Lemma Uplus_state_list m : kappa'_eq a m ->
  exists l : list R, NoDup l /\ length l = (m + 2)%nat /\
    (forall v, In v l <-> state a f v) /\ In 0 l.
Proof.
  intros [orbit [orbit_nodup [orbit_len orbit_spec]]].
  assert (orbit_range : forall z, In z orbit -> 0 <= z <= 1/(1 - a)).
  { intros z z_in; apply orbit_spec in z_in; destruct z_in as [k [le_k ->]].
    apply orb_range; [lra|exact le_k]. }
  assert (f_orbit : forall y, 0 <= y <= 1/(1 - a) -> In (f y) (map f orbit)).
  { intros y y_range.
    destruct (exists_max_le orbit y) as (z & z_in & z_le & z_max).
    { exists 0; split; [apply orbit_spec; exists 0%nat; split; [apply le_kappa_0|reflexivity]|lra]. }
    replace (f y) with (f z); [now apply in_map|].
    apply (step_const _ _ _ _ f_series z y z_le).
    intros k le_k jump.
    assert (orb_in : In (orb a k) orbit) by (apply orbit_spec; now exists k).
    specialize (z_max _ orb_in (proj2 jump)); lra. }
  exists (0 :: map f orbit); split; [|split; [|split]].
  - constructor.
    + intros f_in; apply in_map_iff in f_in; destruct f_in as [z [f_z z_in]].
      pose proof (Uplus_gt0 z (proj1 (orbit_range z z_in))); lra.
    + apply NoDup_map_NoDup_ForallPairs; [|exact orbit_nodup].
      intros z1 z2 z1_in z2_in f_eq.
      destruct (proj1 (orbit_spec z1) z1_in) as [k1 [le_k1 ->]].
      destruct (proj1 (orbit_spec z2) z2_in) as [k2 [le_k2 ->]].
      destruct (Rtotal_order (orb a k1) (orb a k2)) as [lt|[eq|gt]]; [exfalso|exact eq|exfalso].
      * pose proof (step_lt _ _ _ _ u_pos f_series _ _ k2 le_k2 (conj lt (Rle_refl _))); lra.
      * pose proof (step_lt _ _ _ _ u_pos f_series _ _ k1 le_k1 (conj gt (Rle_refl _))); lra.
  - simpl; rewrite length_map; lia.
  - intros v; split.
    + intros [<-|v_in]; [now left|right].
      apply in_map_iff in v_in; destruct v_in as [z [<- z_in]].
      exists z; split; [now apply orbit_range|reflexivity].
    + intros [->|[y [y_range ->]]]; [now left|right; now apply f_orbit].
  - now left.
Qed.

End Uplus.

Theorem corollary2p4 :
  forall (p a : R) (f : R -> R) (x : R),
    0 < p < 1 ->
    0 < a <= 2 / 3 ->
    in_Uplus a f ->
    0 <= x <= 1 / (1 - a) ->
    (* time-homogeneous non-negative Markov chain *)
    is_hom_markov p a f x /\
    (forall xi n, 0 <= Y a f x xi n) /\
    (* tau = inf{n >= 1 : f(X_n) = 0} *)
    (forall xi n, tau_gt a x xi n <->
       (forall k, (1 <= k <= n)%nat -> f (X a x xi k) <> 0)) /\
    (* if varkappa'_a = m < oo: m+2 states, including the absorbing state 0 *)
    (forall m : nat, kappa'_eq a m ->
       exists l : list R,
         NoDup l /\ length l = (m + 2)%nat /\
         (forall v, In v l <-> state a f v) /\
         In 0 l /\
         (forall xi n, In (Y a f x xi n) l) /\
         (forall xi n, Y a f x xi n = 0 -> Y a f x xi (S n) = 0)).
Proof.
  intros p a f x p_range a_range [u [u_pos [_ f_series]]] x_range.
  split; [|split; [|split]].
  - now apply (Uplus_hom_markov a u f).
  - intros xi n; now apply (Y_ge0 a u f).
  - intros xi n; now apply (tau_gt_iff_f_neq0 a u f).
  - intros m kappa'_m.
    destruct (Uplus_state_list a u f a_range u_pos f_series m kappa'_m)
      as (l & l_nodup & l_len & l_states & l_0).
    exists l; do 4 (split; [assumption|]); split.
    + intros xi n; apply l_states, Y_state; lra.
    + intros xi n; now apply (Y_absorbing a u f).
Qed.
Lemma recursive_costS m r v : r != m.+1 -> r != 1 ->
  let c1 := recursive m r (map (take (2 ^ m)) v) in
  (recursive m.+1 r v).2 =
    c1.2 + (recursive m r.-1 (madd (map (drop (2 ^ m)) v) c1.1)).2 + 3 * msize v.
Proof.
move=> /negPf rm /negPf r1 /=; rewrite rm r1.
by case: (recursive m r _) => c1 k1; case: (recursive m r.-1 _).
Qed.

Lemma recursive_one m v : 1 < m -> recursive m 1 v = exhaustive m v.
Proof. by case: m => [|[|m]]. Qed.

Definition decay (t : nat) := 2 ^ t.+1 - 1.

Lemma decay_gt0 t : 0 < decay t.
Proof. by rewrite /decay subn_gt0 -{1}(expn0 2) ltn_exp2l. Qed.

Lemma decay_bounds t : 2 ^ t <= decay t <= 3 ^ t.
Proof.
rewrite /decay; elim: t => [|t /andP [_ le3]] //.
have := expn_gt0 2 t; have := expn_gt0 3 t; rewrite !expnS in le3 *; lia.
Qed.

Lemma recursive_cost_le t m r v : 0 < t -> 0 < r <= m -> mat_bounded t (2 ^ m) v ->
  (recursive m r v).2 * decay t ^ r.-1 <=
  exhaustive_const t * 2 ^ (m * t.+1) + 6 * t * r * 2 ^ m * decay t ^ r.-1.
Proof.
move=> t_gt0; set q := decay t.
have q1 : q + 1 = 2 ^ t.+1 by rewrite subnK ?expn_gt0.
elim: m r v => [|m IH] r v /andP [r_gt0 rm] vb; first by case: r r_gt0 rm.
have sv := msize_bounded vb.
have [-> | rSm] := eqVneq r m.+1.
  rewrite /= eqxx; apply: leq_trans (leq_addl _ _); rewrite leq_mul2r; apply/orP; right.
  by apply: leq_trans sv _; nia.
have [r1 | r_neq1] := eqVneq r 1.
  rewrite r1 recursive_one; last by move: rSm; rewrite r1 ltnS lt0n eqSS eq_sym.
  have vt : size v <= t by case/andP: vb.
  by rewrite expn0 muln1; apply: leq_trans (exhaustive_cost_le _ t_gt0 vt) (leq_addr _ _).
have r_le_m : r <= m by rewrite -ltnS ltn_neqAle rSm rm.
rewrite recursive_costS //.
clear rSm; case: r r_gt0 rm r_le_m r_neq1 => [|[|r]] // _ _ rm _ /=.
have vb1 : mat_bounded t (2 ^ m) (map (take (2 ^ m)) v) by exact: mat_bounded_take vb.
have := IH r.+2 _ rm vb1; case: (recursive m r.+2 _) => c1 k1 /= IH1.
have vb2 : mat_bounded t (2 ^ m) (madd (map (drop (2 ^ m)) v) c1).
  by apply/mat_bounded_madd/mat_bounded_drop; rewrite addnn -mul2n -expnS.
have IH2 := IH r.+1 _ (ltnW rm) vb2.
move: (recursive m r.+1 _).2 IH2 => k2 /= IH2.
have -> : 2 ^ (m.+1 * t.+1) = 2 ^ (m * t.+1) * (q + 1) by rewrite q1 mulSn expnD mulnC.
rewrite expnS in sv *; rewrite expnS in IH1 *.
have IH2q := leq_mul (leqnn q) IH2.
have svq := leq_mul (leqnn (3 * (q * q ^ r))) sv.
nia.
Qed.

Lemma subadditive_cost_le t m r v : 0 < r <= m -> mat_bounded t (2 ^ m) v ->
  (subadditive m r v).2 * decay 1 ^ r.-1 <=
  t * exhaustive_const 1 * 2 ^ (m * 2) + 6 * t * r * 2 ^ m * decay 1 ^ r.-1.
Proof.
move=> rm; rewrite /subadditive /= -map_comp.
elim: v t => [|x v IH] [|t] //= /andP [/= vt /andP [xm vm]].
have xb : mat_bounded 1 (2 ^ m) [:: x] by rewrite /mat_bounded /= xm.
have := recursive_cost_le (t := 1) isT rm xb; have := IH t; rewrite /mat_bounded -ltnS vt vm.
by move=> /(_ isT) vbound xbound; rewrite mulnDl; apply: leq_trans (leq_add xbound vbound) _; nia.
Qed.

Lemma cover_timeE m r v : cover_time m r v =
  (recursive m r v).2 + (subadditive m r v).2 + 4 * msize v + 1.
Proof.
rewrite /cover_time /rm_cover; case: (recursive m r v) => a ka.
by case: (subadditive m r v) => b kb /=; rewrite /dist_cost; lia.
Qed.

Local Open Scope R_scope.

Lemma INR_muln a b : INR (a * b)%N = INR a * INR b.
Proof. by rewrite mulnE mult_INR. Qed.

Lemma INR_addn a b : INR (a + b)%N = INR a + INR b.
Proof. by rewrite addnE plus_INR. Qed.

Lemma INR_expn a k : (0 < a)%N -> INR (a ^ k)%N = exp (INR k * ln (INR a)).
Proof.
move=> a_gt0; rewrite -[exp _]/(Rpower _ _) Rpower_pow; last exact/lt_0_INR/ltP.
by elim: k => [|k IH] //; rewrite expnS INR_muln IH.
Qed.

Lemma INR_le_of_scaled (T X Z b k : nat) : (0 < b)%N ->
  (T * b ^ k <= X + Z * b ^ k)%N -> INR T <= INR X * exp (- (INR k * ln (INR b))) + INR Z.
Proof.
move=> b_gt0 /leP /le_INR; rewrite INR_addn !INR_muln INR_expn // => le_scaled.
apply: (Rmult_le_reg_r (exp (INR k * ln (INR b)))); first exact: exp_pos.
by rewrite Rmult_plus_distr_r Rmult_assoc -exp_plus Rplus_opp_l exp_0; lra.
Qed.

Lemma exp_le_exp x y : x <= y -> exp x <= exp y.
Proof. by case/Rle_lt_or_eq_dec => [/exp_increasing/Rlt_le | ->]; [|exact: Rle_refl]. Qed.

Lemma exp_ge1 x : 0 <= x -> 1 <= exp x.
Proof. by have := exp_ineq1_le x; lra. Qed.

Lemma INR_ge1 n : (0 < n)%N -> 1 <= INR n.
Proof. by move=> /leP/le_INR. Qed.

Lemma ln2_gt0 : 0 < ln 2.
Proof. by have := ln_lt_2; lra. Qed.

Lemma ln2_lt_ln3 : ln 2 < ln 3.
Proof. by apply: ln_increasing; lra. Qed.

Lemma ln_INR_le a b : (0 < a)%N -> (a <= b)%N -> ln (INR a) <= ln (INR b).
Proof.
move=> a_gt0 /leP/le_INR; have /ltP/lt_0_INR := a_gt0.
by move=> a_pos /Rle_lt_or_eq_dec [/(ln_increasing _ _ a_pos)/Rlt_le | ->] //; exact: Rle_refl.
Qed.

Lemma ln_INR_ge0 n : (0 < n)%N -> 0 <= ln (INR n).
Proof. by move=> n_gt0; rewrite -ln_1; exact: ln_INR_le n_gt0. Qed.

Lemma INR_pow2 m : INR (2 ^ m) = exp (INR m * ln 2).
Proof. by rewrite INR_expn. Qed.

Lemma ln_INR_pow2 m : ln (INR (2 ^ m)) = INR m * ln 2.
Proof. by rewrite INR_pow2 ln_exp. Qed.

Lemma nlogn_pow2 m : (0 < m)%N ->
  INR (2 ^ m) * log2 (INR (2 ^ m)) = exp (INR m * ln 2 + ln (INR m)).
Proof.
move=> /ltP/lt_0_INR m_gt0; have := ln2_gt0.
by rewrite exp_plus exp_ln // /log2 ln_INR_pow2 INR_pow2 => ?; field; lra.
Qed.

Lemma ln_decay_bounds t : INR t * ln 2 <= ln (INR (decay t)) <= INR t * ln 3.
Proof.
have /andP [lo hi] := decay_bounds t.
have := ln_INR_le (expn_gt0 2 t) lo; have := ln_INR_le (decay_gt0 t) hi.
rewrite !INR_expn // !ln_exp (INR_IZR_INZ 2) (INR_IZR_INZ 3) /=; lra.
Qed.

Lemma INR_decay t : INR (decay t) = 2 ^ (t + 1) - 1.
Proof.
rewrite /decay minus_INR; last exact/leP/expn_gt0.
by rewrite INR_expn // -Rpower_pow ?addn1 //; lra.
Qed.

Lemma beta_ln2 t : INR (t + 1) * beta t * ln 2 = ln (INR (decay t)).
Proof.
have t1 : INR (t + 1) <> 0 by rewrite addn1; exact: not_0_INR.
have := ln2_gt0; rewrite /beta /log2 ln_Rpower INR_decay => ?; field; lra.
Qed.

Lemma beta_threshold t : (0 < t)%N ->
  INR t / (INR (t + 1) * beta t) * ln (INR (decay t)) = INR t * ln 2.
Proof.
move=> t_gt0; have l2 := ln2_gt0; have [lo _] := ln_decay_bounds t.
have /leP/le_INR t1 : (1 <= t)%N by [].
have : 0 < ln (INR (decay t)) by rewrite /= in t1; nra.
rewrite -beta_ln2 => lq_gt0; field; split; nra.
Qed.

(* Powers b^x are written exp (x * ln b), so that every regime below reduces to
   linear inequalities between exponents. *)
Definition cover_bound (t m r : nat) : R :=
  INR (exhaustive_const t) * exp (INR m * (INR t + 1) * ln 2 - (INR r - 1) * ln (INR (decay t)))
  + 10 * INR t * exp (INR m * 2 * ln 2 - (INR r - 1) * ln 3)
  + (12 * INR t * INR r + 4 * INR t) * exp (INR m * ln 2) + 1.

Lemma cover_time_le_bound t m r v : (0 < t)%N -> (0 < r <= m)%N -> is_input t m v ->
  INR (cover_time m r v) <= cover_bound t m r.
Proof.
move=> t_gt0 rm [vt vm].
have vb : mat_bounded t (2 ^ m) v by rewrite /mat_bounded vt leqnn; apply: sub_all vm => x /eqP ->.
have rec := INR_le_of_scaled (decay_gt0 t) (recursive_cost_le t_gt0 rm vb).
have sub := INR_le_of_scaled (decay_gt0 1) (subadditive_cost_le rm vb).
have /leP/le_INR ms := msize_bounded vb.
have r1 : INR r.-1 = INR r - 1.
  by rewrite -subn1 minus_INR //; apply/leP; case/andP: rm.
rewrite cover_timeE 3!INR_addn INR_muln.
rewrite !INR_muln !INR_expn // r1 in rec sub ms.
rewrite (_ : exhaustive_const 1 = 10%N) // (_ : decay 1 = 3%N) // in sub.
rewrite !INR_muln S_INR in rec sub.
(* [INR n] unfolds to [1 + ... + 1]; going through [IZR] yields the numerals. *)
rewrite !(INR_IZR_INZ 2) !(INR_IZR_INZ 3) (INR_IZR_INZ 6) (INR_IZR_INZ 10) in rec sub ms.
rewrite (INR_IZR_INZ 4) (INR_IZR_INZ 1) /cover_bound.
cbn [Z.of_nat Pos.of_succ_nat Pos.succ] in rec, sub, ms |- *.
have ms4 := Rmult_le_compat_l 4 _ _ ltac:(lra) ms.
apply: (Rle_trans _ _ _ (Rplus_le_compat_r 1 _ _ (Rplus_le_compat _ _ _ _ (Rplus_le_compat _ _ _ _ rec sub) ms4))).
by rewrite /Rminus !exp_plus; right; ring.
Qed.

Lemma cover_bound_le_exp t m r E c1 c2 c3 :
  INR m * (INR t + 1) * ln 2 - (INR r - 1) * ln (INR (decay t)) <= E + c1 ->
  INR m * 2 * ln 2 - (INR r - 1) * ln 3 <= E + c2 ->
  (12 * INR t * INR r + 4 * INR t) * exp (INR m * ln 2) + 1 <= c3 * exp E ->
  cover_bound t m r <= (INR (exhaustive_const t) * exp c1 + 10 * INR t * exp c2 + c3) * exp E.
Proof.
move=> /exp_le_exp e1 /exp_le_exp e2 lin.
have := Rmult_le_compat_l _ _ _ (pos_INR (exhaustive_const t)) e1.
have := Rmult_le_compat_l (10 * INR t) _ _ ltac:(have := pos_INR t; lra) e2.
move=> le2 le1; rewrite /cover_bound Rplus_assoc.
apply: (Rle_trans _ _ _ (Rplus_le_compat _ _ _ _ (Rplus_le_compat _ _ _ _ le1 le2) lin)).
by rewrite !exp_plus; right; ring.
Qed.

Lemma linear_term_le_nlogn t m r : (0 < r <= m)%N ->
  (12 * INR t * INR r + 4 * INR t) * exp (INR m * ln 2) + 1
    <= (16 * INR t + 1) * exp (INR m * ln 2 + ln (INR m)).
Proof.
case/andP=> /INR_ge1 r1 /leP/le_INR rm; have l2 := ln2_gt0; have t0 := pos_INR t.
rewrite exp_plus exp_ln; last lra.
have X1 : 1 <= exp (INR m * ln 2) by apply: exp_ge1; nra.
have tX : 0 <= INR t * exp (INR m * ln 2) by nra.
nra.
Qed.

Section Regimes.

Variable t : nat.
Hypothesis t_gt0 : (0 < t)%N.

Local Notation lq := (ln (INR (decay t))).

Let ln_facts :
  [/\ 0 < ln 2, ln 2 < ln 3, 1 <= INR t, INR t * ln 2 <= lq & lq <= INR t * ln 3].
Proof.
have [lo hi] := ln_decay_bounds t.
by split => //; [exact: ln2_gt0 | exact: ln2_lt_ln3 | exact: INR_ge1].
Qed.

Let ln_decay_gt0 : 0 < lq.
Proof. by have [l2 _ t1 lo _] := ln_facts; nra. Qed.

Lemma cover_bound_fixed_r r : (0 < r)%N ->
  exists C, forall m, (r <= m)%N -> cover_bound t m r <= C * Rpower (INR (2 ^ m)) (INR (t + 1)).
Proof.
move=> /INR_ge1 r1; have [l2 l23 t1 lo hi] := ln_facts; have lq0 := ln_decay_gt0.
exists (INR (exhaustive_const t) * exp 0 + 10 * INR t * exp 0 + (12 * INR t * INR r + 4 * INR t + 1)).
move=> m /leP/le_INR rm; rewrite /Rpower ln_INR_pow2 INR_addn [INR 1]/=.
have mL2 : 0 <= INR m * ln 2 by have := pos_INR m; nra.
apply: cover_bound_le_exp; rewrite ?Rplus_0_r; try nra.
have P1 : 1 <= exp ((INR t + 1) * (INR m * ln 2)) by apply: exp_ge1; nra.
have XP : exp (INR m * ln 2) <= exp ((INR t + 1) * (INR m * ln 2)) by apply: exp_le_exp; nra.
have c0 : 0 <= 12 * INR t * INR r + 4 * INR t by nra.
have := Rmult_le_compat_l _ _ _ c0 XP; nra.
Qed.

Lemma cover_bound_linear_r_small alpha : alpha < INR t / (INR (t + 1) * beta t) ->
  exists C, forall m r, (0 < r <= m)%N -> Rabs (INR r - alpha * INR m) < 1 ->
    cover_bound t m r <= C * Rpower (INR (2 ^ m)) (INR (t + 1) * (1 - alpha * beta t)).
Proof.
move=> /(Rmult_lt_compat_r lq _ _ ln_decay_gt0); rewrite beta_threshold //.
have [l2 l23 t1 lo hi] := ln_facts; have lq0 := ln_decay_gt0 => alpha_lt.
set d := INR t * ln 2 - alpha * lq; have d_gt0 : 0 < d by rewrite /d; lra.
exists (INR (exhaustive_const t) * exp (2 * lq) + 10 * INR t * exp (2 * ln 3)
        + (4 * INR t + 1 + 12 * INR t / d)).
move=> m r /andP [/INR_ge1 r1 /leP/le_INR rm] /Rabs_def2 [r_lt r_gt].
have m0 := pos_INR m; have alpha0 : 0 <= alpha by nra.
have -> : Rpower (INR (2 ^ m)) (INR (t + 1) * (1 - alpha * beta t)) = exp (INR m * ln 2 + INR m * d).
  by rewrite /Rpower ln_INR_pow2 /d -(beta_ln2 t) INR_addn [INR 1]/=; congr exp; ring.
apply: cover_bound_le_exp.
- by rewrite /d; nra.
- have alpha_ln3 : alpha * (lq - ln 3) <= (INR t - 1) * ln 2.
    apply: (Rmult_le_reg_l (INR t)); nra.
  have := Rmult_le_compat_l (INR m) _ _ m0 alpha_ln3; rewrite /d; nra.
- have X1 : 1 <= exp (INR m * ln 2) by apply: exp_ge1; nra.
  have tdm : 0 <= 12 * INR t / d by apply: Rle_mult_inv_pos; lra.
  have lin : 12 * INR t * INR m + 4 * INR t + 1 <= (4 * INR t + 1 + 12 * INR t / d) * exp (INR m * d).
    have cd : 12 * INR t / d * (INR m * d) = 12 * INR t * INR m by field; lra.
    have md : 0 <= INR m * d by nra.
    have := exp_ineq1_le (INR m * d); nra.
  have trX : 0 <= INR t * ((INR m - INR r) * exp (INR m * ln 2)).
    by apply: Rmult_le_pos; nra.
  have := Rmult_le_compat_l _ _ _ (Rle_trans _ _ _ Rle_0_1 X1) lin.
  rewrite exp_plus; nra.
Qed.

Lemma cover_bound_top_r s : exists C, forall m, (s < m)%N ->
  cover_bound t m (m - s) <= C * INR (2 ^ m) * log2 (INR (2 ^ m)).
Proof.
have [l2 l23 t1 lo hi] := ln_facts.
exists (INR (exhaustive_const t) * exp ((INR s + 1) * lq)
        + 10 * INR t * exp ((INR s + 1) * ln 3) + (16 * INR t + 1)) => m sm.
have m_gt0 : (0 < m)%N by apply: leq_ltn_trans sm.
have lnm := ln_INR_ge0 m_gt0; have /leP/le_INR sm' := sm; rewrite S_INR in sm'.
rewrite Rmult_assoc nlogn_pow2 //; apply: cover_bound_le_exp.
- rewrite minus_INR; last exact/leP/ltnW.
  have := Rmult_le_compat_l (INR m) _ _ (pos_INR m) lo; nra.
- rewrite minus_INR; last exact/leP/ltnW.
  have := Rmult_le_compat_l (INR m) _ _ (pos_INR m) (Rlt_le _ _ l23); nra.
- by apply: linear_term_le_nlogn; rewrite subn_gt0 sm leq_subr.
Qed.

Lemma cover_bound_linear_r_large alpha : INR t / (INR (t + 1) * beta t) <= alpha ->
  exists C, forall m r, (0 < r <= m)%N -> Rabs (INR r - alpha * INR m) < 1 ->
    cover_bound t m r <= C * INR (2 ^ m) * log2 (INR (2 ^ m)).
Proof.
move=> /(Rmult_le_compat_r lq _ _ (Rlt_le _ _ ln_decay_gt0)); rewrite beta_threshold //.
have [l2 l23 t1 lo hi] := ln_facts; have lq0 := ln_decay_gt0 => t_le_alpha.
have alpha_ln3 : ln 2 <= alpha * ln 3 by nra.
exists (INR (exhaustive_const t) * exp (2 * lq) + 10 * INR t * exp (2 * ln 3) + (16 * INR t + 1)).
move=> m r rm /Rabs_def2 [r_lt r_gt].
have m_gt0 : (0 < m)%N by case/andP: rm => /leq_trans; apply.
have lnm := ln_INR_ge0 m_gt0; have m0 := pos_INR m.
rewrite Rmult_assoc nlogn_pow2 //; apply: cover_bound_le_exp.
- have := Rmult_le_compat_l (INR m) _ _ m0 t_le_alpha; nra.
- have := Rmult_le_compat_l (INR m) _ _ m0 alpha_ln3; nra.
- exact: linear_term_le_nlogn.
Qed.
(* Let $p\ge 1$, let $k_j>0$, let $\Gamma$ be a real symmetric positive definite $p\times p$ matrix, and let $B$ be a real symmetric $p\times p$ matrix. Consider the optimization problem \[ \max_{Y\in\mathbb{S}_+^p}\; -\operatorname{tr}\big(Y\Gamma^{-1}\big)+k_j\log\det\Big(B+\tfrac{1}{k_j}Y\Big)\quad\text{subject to}\quad -k_jB\prec Y . \] Then an optimal solution of this problem is \[ Y^\ast=k_j\,\Gamma^{1/2}\,\mathrm{proj}_{\mathbb{S}_+^p}\Big(I-\Gamma^{-1/2}B\Gamma^{-1/2}\Big)\,\Gamma^{1/2}. \]
   Context: $\mathbb{S}_+^p$ denotes the set of real symmetric positive semi-definite $p\times p$ matrices. For symmetric matrices $X,Y$, $X\prec Y$ means $Y-X$ is positive definite; $I$ is the identity. $\Gamma^{1/2}$ is the symmetric positive definite square root of $\Gamma$ and $\Gamma^{-1/2}$ its inverse. $\mathrm{proj}_{\mathbb{S}_+^p}$ is the Frobenius-norm orthogonal projection onto $\mathbb{S}_+^p$ (for a symmetric matrix with eigen-decomposition $U\mathrm{diag}(\lambda)U^{\mathsf T}$ it equals $U\mathrm{diag}(\max(\lambda,0))U^{\mathsf T}$). *)

From HB Require Import structures.
From mathcomp Require Import all_boot all_order all_algebra.
From mathcomp Require Import all_classical all_reals all_analysis.
Set Implicit Arguments. Unset Strict Implicit. Unset Printing Implicit Defensive.
Import Order.TTheory GRing.Theory Num.Theory.
Local Open Scope ring_scope.

Definition qform (R : realType) (p : nat) (A : 'M[R]_p) (x : 'cV[R]_p) : R :=
  (x^T *m A *m x) 0 0.

Definition symmx_real (R : realType) (p : nat) (A : 'M[R]_p) : Prop := A^T = A.

Definition psdmx (R : realType) (p : nat) (A : 'M[R]_p) : Prop :=
  symmx_real A /\ forall x : 'cV[R]_p, 0 <= qform A x.

Definition pdmx (R : realType) (p : nat) (A : 'M[R]_p) : Prop :=
  symmx_real A /\ forall x : 'cV[R]_p, x != 0 -> 0 < qform A x.

Definition lt_loewner (R : realType) (p : nat) (X Y : 'M[R]_p) : Prop :=
  pdmx (Y - X).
________________
What you will do :: Repeat, without change, each line of the data above from the one that contains "Set Implicit Arguments." through the final line, counting both.

Result of this exercise ::
Set Implicit Arguments. Unset Strict Implicit. Unset Printing Implicit Defensive.
Import Order.TTheory GRing.Theory Num.Theory.
Local Open Scope ring_scope.

Definition qform (R : realType) (p : nat) (A : 'M[R]_p) (x : 'cV[R]_p) : R :=
  (x^T *m A *m x) 0 0.

Definition symmx_real (R : realType) (p : nat) (A : 'M[R]_p) : Prop := A^T = A.

Definition psdmx (R : realType) (p : nat) (A : 'M[R]_p) : Prop :=
  symmx_real A /\ forall x : 'cV[R]_p, 0 <= qform A x.

Definition pdmx (R : realType) (p : nat) (A : 'M[R]_p) : Prop :=
  symmx_real A /\ forall x : 'cV[R]_p, x != 0 -> 0 < qform A x.

Definition lt_loewner (R : realType) (p : nat) (X Y : 'M[R]_p) : Prop :=
  pdmx (Y - X).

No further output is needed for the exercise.